Nous disposons maintenant des outils pour faire le saut : la Révolution de la Conscience
Ce qu’il y a de merveilleux en ce moment, c’est que l’humanité est en train de développer une meilleure compréhension de la conscience, de sorte que nous savons maintenant comment neutraliser la propagande et partager des informations réelles. Il s’agit d’élever le niveau de conscience. Le grand réveil. Cette possibilité existe depuis des millénaires, mais elle n’était accessible qu’à de petits groupes « d’initiés », ou simplement à ceux qui avaient la chance d’être proches des philosophes, des guides et des penseurs qui ont trouvé le chemin et ont eu le désir de le partager.

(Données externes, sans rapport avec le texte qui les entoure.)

Lemma Bertino_le_upper x y : 0 <= x -> x <= y -> y <= 1 -> Bertino delta x y <= C x y.
Proof.
move=> x0 xy y1; rewrite BertinoE //.
suff : x - C x y <= delta_hat_min delta x y by lra.
apply: delta_hat_min_ge => // t xt ty.
have := copula_le_r C_copula (le_trans x0 xt) (le_trans ty y1) (le_trans x0 xt) ty y1.
have := copula_lipschitz_l C_copula x0 xt (le_trans ty y1) (le_trans x0 xy) y1.
by rewrite /delta_hat -C_diag ?(le_trans x0 xt) ?(le_trans ty y1); lra.
Qed.

End CopulaWithDiagonal.

Lemma Bertino_le C delta x y : is_copula C -> has_diagonal C delta ->
  0 <= x -> x <= 1 -> 0 <= y -> y <= 1 -> Bertino delta x y <= C x y.
Proof.
move=> C_copula C_diag x0 x1 y0 y1; have [xy|yx] := leP x y.
  exact: Bertino_le_upper.
by rewrite Bertino_sym; apply: (Bertino_le_upper (copula_transpose C_copula)) => //; exact: ltW.
Qed.

Section SpliceCopula.
Variables (C : R -> R -> R) (delta : R -> R).
Hypotheses (C_copula : is_copula C) (C_diag : has_diagonal C delta).

Let delta_hat_ge0 := copula_delta_hat_ge0 C_copula C_diag.

Lemma Bertino_diag x : 0 <= x -> x <= 1 -> Bertino delta x x = delta x.
Proof.
move=> x0 x1; rewrite BertinoE //.
have -> : delta_hat_min delta x x = delta_hat delta x.
  apply: le_anti; rewrite delta_hat_min_le //=.
  by apply: delta_hat_min_ge => // t xt tx; rewrite (@le_anti _ _ t x) ?xt ?tx.
by rewrite /delta_hat; lra.
Qed.

Lemma splice_lower x y : 0 <= y -> y <= x -> x <= 1 -> splice C delta x y = Bertino delta x y.
Proof.
rewrite /splice => y0 yx x1; case: ifP => // xy.
have -> : y = x by apply: le_anti; rewrite xy yx.
by rewrite C_diag ?Bertino_diag ?x1 ?(le_trans y0 yx).
Qed.

Lemma splice_diag : has_diagonal (splice C delta) delta.
Proof. by move=> x x01; rewrite splice_upper // C_diag. Qed.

Aujourd’hui, ce sont précisément les réseaux sociaux, les bibliothèques en ligne et les médias qui créent la possibilité d’un accès à tout pour tous. Mais comme en grande partie (la plus grande partie ?) ce sont des déchets, nous devons faire un effort pour communiquer les outils de conscientisation afin que les gens puissent les reconnaître et s’en débarrasser.
Élever le niveau de conscience signifie être capable d’observer intentionnellement non seulement ce qui se présente à nos yeux, mais aussi de percevoir l’effet que cette information a sur notre esprit, de former une image de ce que vise cette information, d’être en mesure de pouvoir la vérifier et la mettre en contexte, en comprenant le fonctionnement, les relations et la diversité de l’expérience humaine.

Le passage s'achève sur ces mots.